From Deferral to Learning: Online In-Context Knowledge Distillation for LLM Cascades
Yu Wu, Shuo Wu, Ye Tao, Yansong Li, Anand D. Sarwate
TL;DR
Inter-Cascade tackles the memoryless deferral limitation of standard LLM cascades by enabling online, in-context knowledge distillation from a strong model to a weak one via a reusable strategy repository. It introduces similarity-based retrieval to augment the weak model's context without parameter updates and provides a theoretical calibration analysis showing improved confidence estimates. Empirically, it achieves notable gains in weak-model and overall pipeline accuracy while substantially reducing strong-model calls and costs across reasoning and knowledge benchmarks, using a model-agnostic, scalable approach suitable for both open-source and API-based LLMs.
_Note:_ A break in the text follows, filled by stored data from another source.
Lemma posdef_min_sphere {n} (M : 'M[R]_n) : (forall x, x != 0 -> 0 < qform M x) ->
  exists2 c, 0 < c & forall y, vnorm y = 1 -> c <= qform M y.
Proof.
move=> M_pd.
have [[y0 y0_unit]|no_unit] := pselect (exists y : 'cV[R]_n, vnorm y = 1); last first.
  by exists 1 => // y y_unit; exfalso; apply: no_unit; exists y.
pose S := [set r : 'rV[R]_n | \sum_i r ord0 i ^+ 2 = 1].
pose f (r : 'rV[R]_n) := qform M r^T.
have S_trmx (y : 'cV[R]_n) : S y^T = (vnorm y ^+ 2 = 1).
  by rewrite /S /= vnorm_sqr; congr (_ = 1); apply: eq_bigr => i _; rewrite mxE.
have f_cont : {within S, continuous f}.
  apply: continuous_subspaceT.
  have -> : f = fun r => \sum_j (\sum_i r ord0 i * M i j) * r ord0 j.
    apply: funext => r; rewrite /f /qform trmxK mxE; apply: eq_bigr => j _.
    by rewrite !mxE.
  apply: continuous_sum => j; apply: continuous_mul; last exact: coord_continuous.
  apply: continuous_sum => i; apply: continuous_mul; first exact: coord_continuous.
  exact: cst_continuous.
have S_cpt : compact S := compact_rV_unit_sphere n.
have [|c Sc c_min] := compact_EVT_min _ S_cpt f_cont.
  by exists y0^T; rewrite S_trmx y0_unit expr1n.
exists (f c).
  apply: M_pd; apply/eqP => c0; move: Sc.
  by rewrite in_setE -[c]trmxK S_trmx c0 vnorm0 expr0n /= => /eqP; rewrite eq_sym oner_eq0.
move=> y y_unit; have := c_min y^T; rewrite /f trmxK; apply.
by rewrite in_setE S_trmx y_unit expr1n.
Qed.

Lemma posdef_lower_bound {n} (M : 'M[R]_n) : (forall x, x != 0 -> 0 < qform M x) ->
  exists2 c, 0 < c & forall x, c * vnorm x ^+ 2 <= qform M x.
Proof.
move=> M_pd; have [c c_gt0 c_min] := posdef_min_sphere M M_pd.
exists c => // x; have [->|x0] := eqVneq x 0; first by rewrite vnorm0 qform0 expr0n /= mulr0.
have v_gt0 : 0 < vnorm x.
  by rewrite lt_neqAle vnorm_ge0 andbT eq_sym; apply: contra_neq x0; exact: vnorm_eq0.
have unit : vnorm ((vnorm x)^-1 *: x) = 1.
  by rewrite vnormZ ger0_norm ?invr_ge0 ?ltW // mulVf // gt_eqF.
have := c_min _ unit; rewrite qformZ -ler_pdivrMl ?exprn_gt0 ?invr_gt0 //.
by rewrite exprVn invrK mulrC.
Qed.

Lemma posdef_qform_ge0 {k} (M : 'M[R]_k) : sym_posdef M -> forall y, 0 <= qform M y.
Proof.
move=> [_ M_pd] y; have [->|y0] := eqVneq y 0; first by rewrite qform0.
exact/ltW/M_pd.
Qed.

Lemma posdef_unitmx {k} (M : 'M[R]_k) : (forall x, x != 0 -> 0 < qform M x) -> M \in unitmx.
Proof.
move=> M_pd; rewrite -row_free_unit -kermx_eq0; apply/rowV0Pn => -[v /sub_kermxP vM v0].
have := M_pd v^T; rewrite trmx_eq0 v0 qformE /bform trmxK vM mul0mx mxE ltxx.
by move=> /(_ isT).
Qed.

End PositiveDefinite.

Section LyapunovComparison.
Context {R : realType}.

Lemma le0_geometric_bound {a C rho : R} : 0 <= rho < 1 ->
  (forall N : nat, a <= C * rho ^+ N) -> a <= 0.
Proof.
move=> /andP[rho_ge0 rho_lt1] a_le.
have geo : C * rho ^+ N @[N --> \oo] --> C * 0.
  by apply: cvgM; [exact: cvg_cst | apply: cvg_expr; rewrite ger0_norm].
rewrite mulr0 in geo; rewrite -(cvg_lim _ geo) //.
by apply: limr_ge; [exact: cvgP geo | exact: nearW].
Qed.

(* [V - W] does not decrease along [F], while [W] decays geometrically along [F]. *)
Lemma bellman_le_lyapunov {T : Type} {F : T -> T} {V W c N : T -> R} {q wmax vmax : R} :
  0 < q -> 0 <= wmax -> (forall y, 0 <= N y) ->
  (forall y, V y <= V (F y) + c y) ->
  (forall y, W (F y) + c y <= W y) ->
  (forall y, q * N y <= c y) ->
  (forall y, 0 <= W y) -> (forall y, W y <= wmax * N y) ->
  (forall y, V y <= vmax * N y) ->
  forall y, V y <= W y.
Proof.
move=> q_gt0 wmax_ge0 N_ge0 V_bellman W_lyap c_ge W_ge0 W_le V_le y.
pose rho := 1 - q / (wmax + q).
have wq_gt0 : 0 < wmax + q by lra.
have rho_01 : 0 <= rho < 1.
  rewrite /rho subr_ge0 ler_pdivrMr // mul1r gtrBl divr_gt0 //=; lra.
have W_contr z : W (F z) <= rho * W z.
  have : q / (wmax + q) * W z <= q * N z.
    rewrite mulrAC ler_pdivrMr // -mulrA ler_pM2l //.
    apply: le_trans (W_le z) _; rewrite mulrC ler_wpM2l //.
    by rewrite lerDl ltW.
  by have := W_lyap z; have := c_ge z; rewrite /rho; lra.
have iter_W k z : W (iter k F z) <= rho ^+ k * W z.
  elim: k => [|k IHk] /=; first by rewrite expr0 mul1r.
  apply: le_trans (W_contr _) _; rewrite exprS -mulrA ler_wpM2l //.
  by case/andP: rho_01.
have iter_gap k z : V z - W z <= V (iter k F z) - W (iter k F z).
  elim: k => [|k IHk] //=; apply: le_trans IHk _.
  by have := V_bellman (iter k F z); have := W_lyap (iter k F z); lra.
have gap_le z : V z - W z <= `|vmax| / q * W z.
  have qN : q * N z <= W z by have := W_lyap z; have := c_ge z; have := W_ge0 (F z); lra.
  have : V z <= `|vmax| / q * W z.
    apply: le_trans (V_le z) _; apply: le_trans (ler_wpM2r (N_ge0 z) (ler_norm vmax)) _.
    by rewrite -mulrA ler_wpM2l // ler_pdivlMl.
  by have := W_ge0 z; lra.
rewrite -subr_le0; apply: (le0_geometric_bound (C := `|vmax| / q * W y) rho_01) => k.
apply: le_trans (iter_gap k y) _; apply: le_trans (gap_le _) _.
rewrite -[leRHS]mulrA [W y * _]mulrC.
by apply: ler_wpM2l; [rewrite divr_ge0 // ltW | exact: iter_W].
Qed.

End LyapunovComparison.

Section AffineMaps.
Context {R : realType}.

Lemma mx_l1norm_scale_sum {k l} (I : finType) (c : I -> R) (F : I -> 'M[R]_(k, l)) :
  mx_l1norm (\sum_i c i *: F i) <= \sum_i `|c i| * mx_l1norm (F i).
Proof.
apply: (@le_trans _ _ (\sum_a \sum_b \sum_i `|c i| * `|F i a b|)).
  apply: ler_sum => a _; apply: ler_sum => b _.
  rewrite summxE; apply: le_trans (ler_norm_sum _ _ _) _.
  by apply: ler_sum => i _; rewrite mxE normrM.
under eq_bigr => a _ do rewrite exchange_big.
rewrite exchange_big le_eqVlt; apply/predU1l.
by apply: eq_bigr => i _; rewrite /mx_l1norm mulr_sumr; apply: eq_bigr => a _; rewrite mulr_sumr.
Qed.

Lemma affine_map_lipschitz {p k l} {f : 'cV[R]_p -> 'M[R]_(k, l)} : affine_map f ->
  exists2 L : R, 0 <= L & forall th th' z,
    vnorm ((f th' - f th) *m z) <= L * `|th' - th| * vnorm z.
Proof.
move=> [F0 [F fE]]; exists (\sum_i mx_l1norm (F i)).
  by apply: sumr_ge0 => i _; exact: mx_l1norm_ge0.
move=> th th' z; apply: le_trans (vnorm_mulmx_le (f th' - f th) z) _.
apply: ler_wpM2r; first exact: vnorm_ge0.
have -> : f th' - f th = \sum_i (th' i ord0 - th i ord0) *: F i.
  rewrite !fE opprD addrACA subrr add0r -sumrB.
  by apply: eq_bigr => i _; rewrite scalerBl.
apply: le_trans (mx_l1norm_scale_sum _ _ _) _.
rewrite mulr_suml; apply: ler_sum => i _; rewrite mulrC.
apply: ler_wpM2l; first exact: mx_l1norm_ge0.
by have := entry_le_mx_norm (th' - th) i ord0; rewrite !mxE.
Qed.

End AffineMaps.

Section CompactUniformBound.
Context {R : realType} {V : normedModType R}.

Lemma compact_uniform_bound (S : set V) (bound : V -> R -> Prop) : compact S ->
  (forall t M M', M <= M' -> bound t M -> bound t M') ->
  (forall t, S t -> exists2 d, 0 < d &
     exists M, forall t', S t' -> `|t' - t| <= d -> bound t' M) ->
  exists M, forall t, S t -> bound t M.
Proof.
move=> S_cpt bound_le local.
have /choice[dM dM_local] : forall t, exists dM : R * R, S t ->
    0 < dM.1 /\ forall t', S t' -> `|t' - t| <= dM.1 -> bound t' dM.2.
  move=> t; have [St|nSt] := pselect (S t); last by exists (1, 0).
  by have [d d_gt0 [M tM]] := local t St; exists (d, M).
rewrite compact_cover in S_cpt.
have [|D DS S_cover] := S_cpt _ S (fun t => ball t (dM t).1) (fun t _ => ball_open _ _).
  by move=> t St; exists t => //; apply: ballxx; exact: (dM_local t St).1.
exists (\sum_(i <- finmap.enum_fset D) `|(dM i).2|) => t St.
have [i iD ball_it] := S_cover t St.
have Si : S i by have := DS i iD; rewrite in_setE.
apply: bound_le ((dM_local i Si).2 t St _).
  apply: le_trans (ler_norm _) _; rewrite (bigD1_seq i) //= lerDl.
  by apply: sumr_ge0 => j _.
by move: ball_it; rewrite -ball_normE /ball_ /= distrC => /ltW.
Qed.

End CompactUniformBound.

Section LQRFamily.
Context {R : realType} {n m p : nat}.
Context {A : 'cV[R]_p -> 'M[R]_n} {B : 'cV[R]_p -> 'M[R]_(n, m)}.
Context {Q : 'M[R]_n} {Rm : 'M[R]_m} {Theta : set 'cV[R]_p} {P : 'cV[R]_p -> 'M[R]_n}.
Hypotheses (Q_pd : sym_posdef Q) (Rm_pd : sym_posdef Rm).
Hypothesis P_dare : forall th, Theta th -> sym_posdef (P th) /\ DARE (A th) (B th) Q Rm (P th).
Context {qmin rmin LA LB : R}.
Hypotheses (qmin_gt0 : 0 < qmin) (rmin_gt0 : 0 < rmin) (LB_ge0 : 0 <= LB).
Hypothesis Q_ge : forall y, qmin * vnorm y ^+ 2 <= qform Q y.
Hypothesis Rm_ge : forall v, rmin * vnorm v ^+ 2 <= qform Rm v.
Hypothesis A_lip : forall th th' z, vnorm ((A th' - A th) *m z) <= LA * `|th' - th| * vnorm z.
Hypothesis B_lip : forall th th' v, vnorm ((B th' - B th) *m v) <= LB * `|th' - th| * vnorm v.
The framework also yields a potential source of data for offline fine-tuning and can extend to distributed settings, bridging online inference with long-term knowledge transfer.
Abstract
Standard LLM cascades improve efficiency by deferring difficult queries from weak to strong models. However, these systems are typically static: when faced with repeated or semantically similar queries, they redundantly consult the expensive model, failing to adapt during inference. To address this, we propose Inter-Cascade, an online, interactive framework that transforms the strong model from a temporary helper into a long-term teacher. In our approach, when the strong model resolves a deferred query, it generates a generalized, reusable problem-solving strategy. These strategies are stored in a dynamic repository and retrieved via similarity matching to augment the weak model's context for future queries. This enables the weak model to learn on the job without expensive parameter fine-tuning. We theoretically show that this mechanism improves the weak model's confidence calibration. Empirically, Inter-Cascade outperforms standard cascades on multiple benchmarks, improving weak model and overall system accuracy by up to 33.06 percent and 6.35 percent, while reducing strong model calls by up to 48.05 percent and saving fee by up to 49.63 percent. Inter-Cascade demonstrates effective in-context knowledge transfer between LLMs and provides a general, scalable framework applicable to both open-source and API-based LLMs.